Just bring your boots in with you, try every binding in the joint.

Other people can give you suggestions but it all comes down to, how they feel on your foot.
You might end up finding a cheaper pair that you may not have considered because they weren't hyped up

Then even if you order them online, you'll know exactly what your getting.

TT


----------



## boomin33 (Apr 10, 2012)

think I will try a pair of the K2 Tweakbacks with the eurothane highbacks?? I never found much fondness for highbacks.. hehe buying hype again.

it was either those or the ride capos or GNUs(liked the looks but don't need the dual entry)


----------



## Raines (May 1, 2011)

try burton genesis


----------



## Nivek (Jan 24, 2008)

Extremo said:


> Yeah, Union Contact Pro's. Flexy, light, and super plush. I know they have a knock against them for being trendy but they do have some nice qualities.


In all honesty, do you peddle anything other than Union now? Those are by far the best Unions but the toe strap is STILL hit or miss and ratchets still suck.

Flux DMCC Lights. One of my favorite bindings for 2013. Comfort is one thing Flux has always excelled at.

K2's urethane highbacks have been pretty close to useless evertime I've ridden them, it might as well not be there. And if you haven't actually taken off your highback and ridden without it I think you'll find you use them more than you think.

If you're down for the no highback and price is no object then look into Switchback. They seem to fit your speculated needs and the highback is removable without tools.

I rode Gnu Mutants and found them to be just blah. And Capo's are far from what you've stated you're looking for.


----------



## ThunderChunky (Oct 1, 2011)

The mobs are comfy. But too flexy. If you're into that kinda thing then hop on it. I have Salomon Patriots too. They are a solid freeride binding.

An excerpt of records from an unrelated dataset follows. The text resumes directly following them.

(* The key [w.2] is uniform and independent of the data [w.1], so the
   hypothesis makes the law of the observation [f w] the same given every
   value of the data. *)
Lemma mutual_info_fst_eq0 (X Z : finType) (Y : eqType) (f : X * Z -> Y) :
  (forall x x', exists2 sg : Z -> Z,
     injective sg & forall z, f (x, sg z) = f (x', z)) ->
  mutual_info f (fun w => w.1) = 0%R.
Proof.
move=> shift; apply: (big_rec (fun r => r = 0%R)) => // -[x0 z0] r _ ->.
set o := f (x0, z0); set c := #|[pred z | f (x0, z) == o]|.
have card_joint : #|[pred w : X * Z | (f w == o) && (w.1 == x0)]| = c.
  rewrite card_pred_pair (bigD1 x0) //= big1 ?addn0 => [|x /negbTE x_neq].
    by apply: eq_card => z; rewrite !inE eqxx andbT.
  by apply: eq_card0 => z; rewrite !inE x_neq andbF.
have card_obs : #|[pred w : X * Z | f w == o]| = (#|X| * c)%N.
  rewrite card_pred_pair -sum1_card big_distrl /=; apply: eq_bigr => x _.
  have [sg sg_inj fsg] := shift x x0.
  by rewrite mul1n (card_pred_shift o sg_inj fsg).
have card_data : #|[pred w : X * Z | w.1 == x0]| = #|Z|.
  rewrite card_pred_pair (bigD1 x0) //= big1 ?addn0 => [|x /negbTE x_neq].
    by apply: eq_card => z; rewrite !inE eqxx.
  by apply: eq_card0 => z; rewrite !inE x_neq.
have c_gt0 : (0 < INR c)%R by apply/lt_0_INR/ltP/card_gt0P; exists z0; rewrite inE.
have X_gt0 : (0 < INR #|X|)%R by apply/lt_0_INR/ltP/card_gt0P; exists x0.
have Z_gt0 : (0 < INR #|Z|)%R by apply/lt_0_INR/ltP/card_gt0P; exists z0.
rewrite /unif_prob card_joint card_obs card_data card_prod !mult_INR.
have -> : (INR c * / (INR #|X| * INR #|Z|) *
      / (INR #|X| * INR c * / (INR #|X| * INR #|Z|) *
         (INR #|Z| * / (INR #|X| * INR #|Z|))))%R = 1%R.
  by field; lra.
by rewrite ln_1 Rmult_0_r Rplus_0_r.
Qed.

Really comfy. Just make sure the toe strap fits the toe of your boot cause it's a toe cup strap.


----------



## phony_stark (Jul 2, 2011)

If you liked your P1s see if you can find some Prophecies...they were kind of the spiritual successor to the P1. 

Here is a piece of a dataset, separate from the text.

(* If a depth-proper mttr $M$ is finite-nesting, then $M$ is LSHI, i.e., there is $b\in\mathbb N$ with $H(M(t))\le b\cdot|t|$ for all input trees $t$.
   Context: Trees: for a ranked alphabet $\Sigma$, $T_\Sigma$ is the set of finite ranked ordered trees over $\Sigma$, and $T_\Sigma(A)$ the trees over $\Sigma$ with additional rank-0 symbols from $A$. $X_k=\{x_1,\dots,x_k\}$ are input variables and $Y=\{y_1,y_2,\dots\}$, $Y_m=\{y_1,\dots,y_m\}$ are parameters. A (deterministic bottom-up) tree automaton $(P,\Sigma,h)$ has a finite state set $P$ and maps $h_\sigma:P^k\to P$ for $\sigma\in\Sigma^{(k)}$; $\hat h:T_\Sigma\to P$ is its run and $L_p=\{s\in T_\Sigma\mid \hat h(s)=p\}$. A (total, deterministic) macro tree transducer with look-ahead (mttr) is $M=(Q,P,\Sigma,\Delta,q_0,R,h)$ where $Q$ is a ranked alphabet of states, $\Sigma,\Delta$ are ranked input/output alphabets, $(P,\Sigma,h)$ is a tree automaton (the look-ahead), $q_0\in Q^{(0)}$, and for each $q\in Q^{(m)}$, $\sigma\in\Sigma^{(k)}$, $p_1,\dots,p_k\in P$ there is exactly one rule $\langle q,\sigma(x_1:p_1,\dots,x_k:p_k)\rangle(y_1,\dots,y_m)\to t$ with $t\in T_{\Delta\cup\langle Q,X_k\rangle}(Y_m)$, where $\langle q',x_i\rangle$ has the rank of $q'$. For $q\in Q^{(m)}$ and $s=\sigma(s_1,\dots,s_k)$, $M_q(s)\in T_\Delta(Y_m)$ is obtained from the right-hand side of the rule for $(q,\sigma,\hat h(s_1),\dots,\hat h(s_k))$ by replacing (recursively, innermost first) each subtree $\langle q',x_i\rangle(\xi_1,\dots,\xi_n)$ by $M_{q'}(s_i)$ with each $y_j$ replaced by (the result for) $\xi_j$; $M(s)=M_{q_0}(s)$. Extension and reachability: $\hat M$ is the mttr with input alphabet $\Sigma\cup P$ (each $p\in P$ a rank-0 input symbol with $\hat h_p()=p$), output alphabet $\Delta\cup\langle Q,P\rangle$ (where $\langle q,p\rangle$ has the rank of $q$), the rules of $M$ plus the rules $\langle q,p\rangle(y_1,\dots,y_m)\to\langle q,p\rangle(y_1,\dots,y_m)$ for $q\in Q^{(m)}$, $p\in P$. A pair $\langle q,p\rangle$ is reachable if it occurs in $\hat M(s)$ for some $s\in T_\Sigma(P)$. Depth-proper: for $y\in Y$ and $s\in T_\Delta(Y)$, $\lfloor s\rfloor_y$ is obtained from $s$ by replacing every maximal subtree not containing $y$ by a new rank-0 symbol $\$$. $M$ is depth-proper if for every reachable $\langle q,p\rangle$ with $q\in Q^{(m)}$ and every $y\in Y_m$, the set $\{\lfloor M_q(s)\rfloor_y\mid s\in L_p\}$ is infinite. Size and height: $|t|$ is the number of nodes of $t$; the height $H(t)$ is the number of nodes on a longest root-to-leaf path. Nesting: for $t\in T_\Sigma(P)$, the nesting of a root-to-leaf path of $\hat M(t)$ is the number of its nodes labeled by symbols of $\langle Q,P\rangle$. $M$ is finite-nesting if there is $b\in\mathbb N$ such that for every $t\in T_\Sigma(P)$ containing exactly one leaf labeled by a symbol of $P$, every root-to-leaf path of $\hat M(t)$ has nesting at most $b$. *)

From mathcomp Require Import all_boot.
From Stdlib Require List.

RE: Union, they're really good bindings. I find everything (but unbuckling the toe strap, which I just rip off) to be REALLY natural on them. I have contact pros too and what Extremo said is right, good flex laterally, responsive straight back and insanely lightweight. They work on my 149 draft and the 156 Custom I tried. I think if I'm going with friends next season and dont' know if we're dorking in the park and/or riding the whole mountain, that's the binding I'm going to use.

I still say though, if you loved your P.1s see if any shops carry the Prophecy or if they're online. The asym strap on Burtons are butter and I imagine it being air-cushioned is even more comfy.

EDIT:
Are you able to buy things in the states and have them shipped? If you can't find prophecies there, online here has a BUNCH.


----------



## Extremo (Nov 6, 2008)

Nivek said:


> In all honesty, do you peddle anything other than Union now? Those are by far the best Unions but the toe strap is STILL hit or miss and ratchets still suck.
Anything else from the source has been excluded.